"Laura Wright effectively brings together postcolonial and ecocritical readings strategies, even as she explores a wide range of postcolonial texts dealing with environmental issues. Her insightful close readings, elegant prose, and effective organization all contribute to making this a groundbreaking study in the emerging field of green postcolonialism."
—Byron Caminero-Santangelo, author of Joseph Conrad: Reading Postcolonial Intertextuality
"Laura Wright offers us wonderful new ways of synthesizing the burgeoning but hitherto distinct fields of postcolonial studies, ecocriticism, and animal studies. Wright deftly negotiates this new turf, analyzing the main conceptual innovations and demonstrating, through smart readings, just what a new environmental-postcolonial-animal studies approach to literature can deliver."

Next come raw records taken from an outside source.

Lemma trace_witnesses S B m E (y0 : 'I_n) : traces_realized S B m E ->
  exists yU : {set 'I_n} -> 'I_n,
    forall U, U \in binom_sets S m -> (yU U \in B) && has_trace E S (yU U) U.
Proof.
move=> realE; exists (fun U => odflt y0 [pick y in B | has_trace E S y U]) => U Um.
case: pickP => [y /andP [-> ->] //|none] /=.
have /exists_inP [y yB traceU] := forall_inP realE U Um.
by move: (none y); rewrite yB traceU.
Qed.

Definition extends t S (T : {set {set 'I_n}}) E v :=
  [forall U in binom_sets S t.-1, ((v |: U) \in theta t E) == (U \in T)].

Definition witness_free t S (T : {set {set 'I_n}}) E :=
  [forall v, (v \notin S) ==> ~~ extends t S T E v].

Lemma trace_setD_star E S B v y U : y != v -> y \notin B ->
  has_trace (E :\: star B v) S y U = has_trace E S y U.
Proof.
move=> yv yB; apply: eq_forallb_in => s _.
by rewrite adjC adj_setD_star // adjC.
Qed.

Lemma trace_of_star E S y U : [disjoint E & star S y] ->
  has_trace (E :|: star (U :&: S) y) S y U.
Proof.
move=> dE; apply/forall_inP => s sS.
have sE : [set y; s] \notin E.
  by rewrite (disjointFl dE) // setUC in_star_self.
by rewrite adj_setU /adj (negbTE sE) setUC in_star_self inE sS andbT.
Qed.

Section Toggle.
Variables (t : nat) (S : {set 'I_n}) (v : 'I_n) (yU : {set 'I_n} -> 'I_n).
Variable E0 : {set {set 'I_n}}.
Local Notation bs := (binom_sets S t.-1).
Implicit Types (F T : {set {set 'I_n}}).
Hypotheses (vS : v \notin S) (yU_S : forall U, U \in bs -> yU U \notin S)
  (yU_trace : forall U, U \in bs -> has_trace E0 S (yU U) U)
  (yU_v : forall U, U \in bs -> ~~ adj E0 (yU U) v).

Definition toggles (F : {set {set 'I_n}}) := star [set yU U | U in F] v.

Lemma common_toggle F U : F \subset bs -> U \in bs ->
  common (E0 :|: toggles F) (v |: U) =
  if U \in F then yU U |: common E0 (v |: U) else common E0 (v |: U).
Proof.
move=> sFbs Ubs; move: (Ubs); rewrite in_binom_sets => /andP [sUS /eqP cardU].
have adj_S y x : x \in S -> adj (E0 :|: toggles F) y x = adj E0 y x.
  move=> xS; rewrite adj_setU; have /negbTE -> : [set y; x] \notin toggles F.
    apply: notin_star; first by apply: contraNneq vS => <-.
    by apply/imsetP => -[U' /(subsetP sFbs) /yU_S yS xU']; rewrite -xU' xS in yS.
  by rewrite orbF.
have yU_in y : (y \in [set yU U' | U' in F]) && [forall x in U, adj E0 y x] =
               (U \in F) && (y == yU U).
  apply/andP/andP => [[/imsetP [U' U'F ->] /forall_inP adjU]|[UF /eqP ->]].
    have U'bs := subsetP sFbs U' U'F.
    have /forall_inP traceU' := yU_trace U'bs.
    have sUU' : U \subset U'.
      by apply/subsetP => x xU; rewrite -(eqP (traceU' x (subsetP sUS x xU))) adjU.
    have -> : U = U'.
      apply/eqP; rewrite eqEcard sUU' cardU /=.
      by move: U'bs; rewrite in_binom_sets => /andP [_ /eqP ->].
    by rewrite U'F.
  split; first exact: imset_f.
  have /forall_inP traceU := yU_trace Ubs.
  by apply/forall_inP => x xU; rewrite (eqP (traceU x (subsetP sUS x xU))).
apply/setP => y; rewrite in_common_setU1 adj_setU in_star_self.
have -> : [forall x in U, adj (E0 :|: toggles F) y x] = [forall x in U, adj E0 y x].
  by apply: eq_forallb_in => x xU; rewrite adj_S // (subsetP sUS).
rewrite andb_orl yU_in -in_common_setU1.
by case: ifP => UF; rewrite ?inE ?orbF // orbC.
Qed.

Lemma toggle_extends T : (0 < t)%N ->
  exists2 F : {set {set 'I_n}}, F \subset bs & extends t S T (E0 :|: toggles F) v.
Proof.
move=> t_gt0.
set F := [set U in bs | odd #|common E0 (v |: U)| != (U \in T)].
have sFbs : F \subset bs by apply/subsetP => U; rewrite inE => /andP [].
exists F => //; apply/forall_inP => U Ubs.
move: (Ubs); rewrite in_binom_sets => /andP [sUS /eqP cardU].
have vU : v \notin U by apply: contra vS => /(subsetP sUS).
have cardvU : #|v |: U| = t by rewrite cardsU1 vU cardU add1n prednK.
have yU_out : yU U \notin common E0 (v |: U).
  by rewrite in_common_setU1 (negbTE (yU_v Ubs)).
rewrite in_theta cardvU eqxx common_toggle // [U \in F]inE Ubs /=.
by case: ifP; rewrite ?cardsU1 ?yU_out /=; case: (odd _); case: (U \in T).
Qed.

End Toggle.

(* With |S| = k, the probability that U is the trace on S of no vertex of B
   (a set disjoint from S) is at most qk k ^ |B|: the traces of distinct
   vertices are decided by disjoint stars of edges. *)
Lemma trace_missing_bound k S U B : #|S| = k -> [disjoint B & S] ->
  #|[set E in powerset pairs | all (fun y => ~~ has_trace E S y U) (enum B)]|%:R
    <= qk k ^+ #|B| * 2 ^+ #|pairs|.
Proof.
move=> cardS dBS; rewrite (cardE B).
have yS y : y \in enum B -> y \notin S by rewrite mem_enum => /(disjointFr dBS) ->.
apply: (independent_blocks_bound (J := star S) (F := fun y E => ~~ has_trace E S y U)).
- exact: qk_ge0.
- exact: enum_uniq.
- by move=> y /yS; apply: star_sub_pairs.
- by move=> y y' /yS yS' _ yy' E; rewrite trace_setD_star.
move=> y /yS yS' R sR.
apply: le_trans (ler_wpM2r (exprn_ge0 _ (ler0n _ 2)) (qk_mono (w := #|star S y|) _)).
  apply: escapable_density => // R' sR'; exists (star (U :&: S) y).
  rewrite (imsetS _ (subsetIr _ _)) /= negbK setUA trace_of_star //.
  rewrite disjoints_subset; apply/subsetP => e.
  rewrite inE => /orP [/(subsetP sR)|/(subsetP sR')].
    by rewrite !inE => /andP [].
  by rewrite setDv inE.
by apply: leq_trans (leq_imset_card _ _) _; rewrite cardS ltnW // ltn_expl.
Qed.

"Wilderness into Civilized Shapes offers elegant readings of a diverse range of texts as the bedrock from which it is able to articulate significant complications and paradigm shifts to the field of ecocritical inquiry. Wright's conclusion. . .establishes just what is at stake politically and culturally in postcolonial ecocritical efforts. This is a fitting open-end to an excellent, expansive example of what can be accomplished in the field."
—Chris Campbell, Safundi
"[Laura Wright] invites complex understandings of the relationship between textual representation of voice and subaltern subjectivity. . . .[Her] refusal to accept singular perspectives, both theoretical and analytic, reveals a desire to venerate the interconnectedness of peoples, species, and ecosystems."
—Madison P. Jones, ISLE
"[T]his book represents a valuable contribution to the emerging field of postcolonial environmental criticism."
—Sharae Deckard, Green Letters
Laura Wright explores the changes brought by colonialism and globalization as depicted in an array of international works of fiction in four thematically arranged chapters. She looks first at two traditional oral histories retold in modern novels, Zakes Mda’s The Heart of Redness (South Africa) and Ngugi wa Thiong’o’s Petals of Blood (Kenya), that deal with the potentially devastating effects of development, particularly through deforestation and the replacement of native flora with European varieties. Wright then uses J. M. Coetzee’s Disgrace (South Africa), Yann Martel’s Life of Pi (India and Canada), and Joy Williams’s The Quick and the Dead (United States) to explore the use of animals as metaphors for subjugated groups of individuals. The third chapter deals with India’s water crisis via Arundhati Roy’s activism and her novel, The God of Small Things. Finally, Wright looks at three novels—Flora Nwapa’s Efuru (Nigeria), Keri Hulme’s The Bone People (New Zealand), and Sindiwe Magona’s Mother to Mother (South Africa)—that depict women’s relationships to the land from which they have been dispossessed.
Throughout Wilderness into Civilized Shapes, Wright rearticulates questions about the role of the writer of fiction as environmental activist and spokesperson, the connections between animal ethics and environmental responsibility, and the potential perpetuation of a neocolonial framework founded on western commodification and resource-based imperialism.